- Film poster
- Directed by: Denis Héroux
- Written by: John Dunning (scenario) Louis Gauthier (dialogue) Denis Héroux (idea) André Link (scenario) Richard Sadler (scenario)
- Produced by: John Dunning André Link
- Starring: Danielle Ouimet Guy Godin
- Cinematography: René Verzier
- Edited by: Jean LaFleur
- Music by: Joe Gracy Michel Paje
- Production company: Cinépix
- Distributed by: Cinépix
- Release date: 2 May 1969;
- Running time: 96 minutes
- Country: Canada
- Language: French
- Budget: $99,000
- Box office: $2 million

= Valérie (film) =

Valérie is a 1969 black-and-white Canadian erotic film directed by Denis Héroux. It was the first Quebec film to show nudity. It turned an unprecedented gross of $1.68 million, making it the highest-grossing Canadian film of its time.

==Plot==
Valérie, upon leaving a convent with the leader of a motorcycle gang, discovers the hippie culture of Montreal and turns to prostitution. This improbable storyline, made famous by the frank display of nudity and sexuality, came from a culture that was still labouring under a strong sense of Catholic guilt.

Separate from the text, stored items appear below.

(* Let $n\ge2$, let $G$ be an absolutely continuous distribution function on $[0,\infty)$, and $\alpha_1,\dots,\alpha_n,\alpha^*_1,\dots,\alpha^*_n>0$. Let $\phi_1,\phi_2$ be Archimedean generators with pseudo-inverses $\psi_1,\psi_2$. Let $\boldsymbol{X}=(X_1,\dots,X_n)$ have joint distribution function $\phi_1\big(\sum_{i=1}^n\psi_1([G(x_i)]^{\alpha_i})\big)$ and $\boldsymbol{X}^*$ have joint distribution function $\phi_2\big(\sum_{i=1}^n\psi_2([G(x_i)]^{\alpha^*_i})\big)$ (proportional reversed hazard marginals with Archimedean copulas). If $\phi_1$ or $\phi_2$ is log-convex, $\psi_2\circ\phi_1$ is super-additive, and $\prod_{i=1}^{j}\alpha^*_{[i]}\le\prod_{i=1}^{j}\alpha_{[i]}$ for all $j=1,\dots,n$, then $X_{n:n}\ge_{\rm st}X^*_{n:n}$.
   Context: An Archimedean generator is an $n$-monotone function $\phi:[0,\infty)\to[0,1]$ with $\phi(0)=1$, $\lim_{x\to\infty}\phi(x)=0$ ($n$-monotone: $(-1)^k\phi^{(k)}\ge0$ for $k=0,\dots,n-2$ and $(-1)^{n-2}\phi^{(n-2)}$ decreasing and convex); $\psi=\phi^{-1}$ is its pseudo-inverse. $h$ super-additive means $h(x+y)\ge h(x)+h(y)$ for $x,y\ge0$. $\alpha_{[1]}\ge\dots\ge\alpha_{[n]}$ are the components in decreasing order. $X_{n:n}=\max_i X_i$. $X\le_{\rm st}Y$ means $P(X>x)\le P(Y>x)$ for all $x$. *)

From HB Require Import structures.
From mathcomp Require Import all_boot all_order all_algebra.
From mathcomp Require Import all_classical all_reals all_analysis.
Set Implicit Arguments. Unset Strict Implicit. Unset Printing Implicit Defensive.
Import Order.TTheory GRing.Theory Num.Theory.
Import numFieldNormedType.Exports.
Local Open Scope classical_set_scope.
Local Open Scope ring_scope.

Section Defs.
Variable R : realType.

Definition convex_on (S : set R) (f : R -> R) :=
  forall x y t, S x -> S y -> 0 <= t <= 1 ->
    f (t * x + (1 - t) * y) <= t * f x + (1 - t) * f y.

Definition nonincr_on (S : set R) (f : R -> R) :=
  forall x y, S x -> S y -> x <= y -> f y <= f x.

(* n-monotonicity on [0, +oo) (McNeil--Neslehova): f continuous on [0,oo),
   (n-2)-times differentiable on (0,oo), (-1)^k f^(k) >= 0 for k = 0..n-2,
   and (-1)^(n-2) f^(n-2) nonincreasing and convex on (0,oo). *)
Definition n_monotone (n : nat) (f : R -> R) :=
  [/\ {within `[0, +oo[, continuous f} /\ (forall x, 0 <= x -> 0 <= f x),
      (forall k x, (k < n - 2)%N -> 0 < x -> derivable (derive1n k f) x 1),
      (forall k x, (k <= n - 2)%N -> 0 < x -> 0 <= (-1) ^+ k * derive1n k f x),
      nonincr_on `]0, +oo[ (fun x => (-1) ^+ (n - 2) * derive1n (n - 2) f x) &
      convex_on `]0, +oo[ (fun x => (-1) ^+ (n - 2) * derive1n (n - 2) f x)].

Definition archimedean_generator (n : nat) (phi : R -> R) :=
  [/\ n_monotone n phi,
      (forall x, 0 <= x -> 0 <= phi x <= 1),
      phi 0 = 1 &
      phi x @[x --> +oo] --> (0 : R)].

(* pseudo-inverse psi(y) = inf {x >= 0 | phi x = y}, valued in [0, +oo]
   (inf of the empty set is +oo, e.g. psi(0) = +oo for strict generators) *)
Definition pseudo_inv (phi : R -> R) (y : R) : \bar R :=
  ereal_inf ((fun x : R => x%:E) @` [set x | 0 <= x /\ phi x = y]).

(* phi extended to [0, +oo] by phi(+oo) = lim_{x->oo} phi x = 0 *)
Definition phiE (phi : R -> R) (e : \bar R) : R :=
  match e with
  | EFin r => phi r
  | +oo%E => 0
  | -oo%E => 1
  end.

Definition log_convex (phi : R -> R) :=
  (forall x, 0 <= x -> 0 < phi x) /\ convex_on `[0, +oo[ (fun x => ln (phi x)).

Definition super_additive (h : R -> \bar R) :=
  forall x y : R, 0 <= x -> 0 <= y -> (h x + h y <= h (x + y)%R)%E.

Definition abs_cont_df_nonneg (G : R -> R) :=
  [/\ (exists g : R -> R, (forall t, 0 <= g t) /\ measurable_fun setT g /\
        forall x, (G x)%:E =
          (\int[@lebesgue_measure R]_(t in `]-oo, x]) (g t)%:E)%E),
      (forall x, x < 0 -> G x = 0) &
      G x @[x --> +oo] --> (1 : R)].

Definition seqmax (s : seq R) : R := \big[Num.max/head 0 s]_(x <- s) x.
Definition order_max (T : Type) (n : nat) (X : 'I_n -> T -> R) (w : T) : R :=
  seqmax [seq X i w | i <- enum 'I_n].

Definition st_le d1 d2 (T1 : measurableType d1) (T2 : measurableType d2)
  (P1 : probability T1 R) (X : T1 -> R) (P2 : probability T2 R) (Y : T2 -> R) :=
  forall x : R, (P1 [set w | (x < X w)%R] <= P2 [set w | (x < Y w)%R])%E.

Definition has_joint_df d (T : measurableType d) (P : probability T R) (n : nat)
  (X : 'I_n -> T -> R) (phi : R -> R) (G : R -> R) (alpha : 'I_n -> R) :=
  (forall i, measurable_fun setT (X i)) /\
  forall x : 'I_n -> R,
    P [set w | forall i, X i w <= x i] =
    (phiE phi (\sum_(i < n) pseudo_inv phi (G (x i) `^ alpha i))%E)%:E.

Definition decr (n : nat) (a : 'I_n -> R) : seq R :=
  sort (fun x y : R => y <= x) [seq a i | i <- enum 'I_n].

Definition weakly_prod_dominated (n : nat) (b a : 'I_n -> R) :=
  forall j, (1 <= j <= n)%N ->
    \prod_(x <- take j (decr b)) x <= \prod_(x <- take j (decr a)) x.

End Defs.

(* P (X_{n:n} <= x) is the diagonal of the joint distribution function:
   phi1 (sum_i psi1 (t ^ alpha_i)) with t = G x, and likewise for X*. So it suffices to show
   phi1 (sum_i psi1 (t ^ alpha_i)) <= phi2 (sum_i psi2 (t ^ alpha*_i)) for t >= 0, and two
   moves do this. Super-additivity of psi2 o phi1 gives
   phi1 (sum_i psi1 y_i) <= phi2 (sum_i psi2 y_i) for every y, which changes the generator.
   If phi is log-convex and 0 < t <= 1, then u |-> psi (t ^ exp u) is convex and
   nondecreasing, while the product condition says that ln alpha* is weakly submajorized by
   ln alpha; the Tomic-Weyl inequality gives sum_i psi (t ^ alpha*_i) <= sum_i psi (t ^ alpha_i),
   and as a log-convex generator is nonincreasing, this changes the exponents on the side of
   the log-convex generator. *)

From HB Require Import structures.
From mathcomp Require Import all_boot all_order all_algebra.
From mathcomp Require Import all_classical all_reals all_analysis.
From mathcomp Require Import ring lra.
Set Implicit Arguments. Unset Strict Implicit. Unset Printing Implicit Defensive.
Import Order.TTheory GRing.Theory Num.Theory.
Import numFieldNormedType.Exports.
Local Open Scope classical_set_scope.
Local Open Scope ring_scope.

Section GeneratorPseudoInverse.
Variables (R : realType) (phi : R -> R).

Lemma pseudo_inv_ge0 y : (0 <= pseudo_inv phi y)%E.
Proof. by apply: le_ereal_inf_tmp => _ [x [x0 _] <-]; rewrite lee_fin. Qed.

Hypothesis phi_cont : {within `[0, +oo[, continuous phi}.
Hypothesis phi0 : phi 0 = 1.

Lemma ivt_phi z y : 0 <= z -> phi z <= y <= 1 ->
  exists2 c, 0 <= c <= z & phi c = y.
Proof.
move=> z0 /andP[zy y1].
have cz : {within `[0, z], continuous phi}.
  by apply: continuous_subspaceW phi_cont => x /=; rewrite !in_itv /= => /andP[->].
have [|c] := @IVT _ _ _ _ y z0 cz; last by rewrite in_itv /=; exists c.
by rewrite phi0 ge_min zy le_max y1 orbT.
Qed.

It was the first of a group of films known as maple-syrup porn.

==Cast==
- Danielle Ouimet as Valérie
- Guy Godin as Patrick Vollant - le peintre
- Andrée Flamand as Andrée
- Kim Wilcox as Kim
- Claude Préfontaine as Le riche playboy
- Henri Norbert as Le millionnaire décadent
- Michel Paje as Le premier client de Valérie
- Clémence DesRochers as La travailleuse sociale

==Production==
Valérie was filmed in August and September 1968, with a budget of $99,000.

==Release==
The film was released in Montreal on 2 May 1969, by Cinépix, the producer and distributor. It was the highest-grossing of all-time in Canada with a gross of $1,684,000 and earned $2 million after being shown in forty countries. It was the most attended Quebec film since Little Aurore's Tragedy. The film was seen by 153,734 people in France.

==See also==
- Nudity in film

==Works cited==
- Turner, D. John (1987). "Canadian Feature Film Index: 1913-1985"
- Melnyk, George (2004). "One Hundred Years of Canadian Cinema"
- Marshall, Bill (2001). "Quebec National Cinema"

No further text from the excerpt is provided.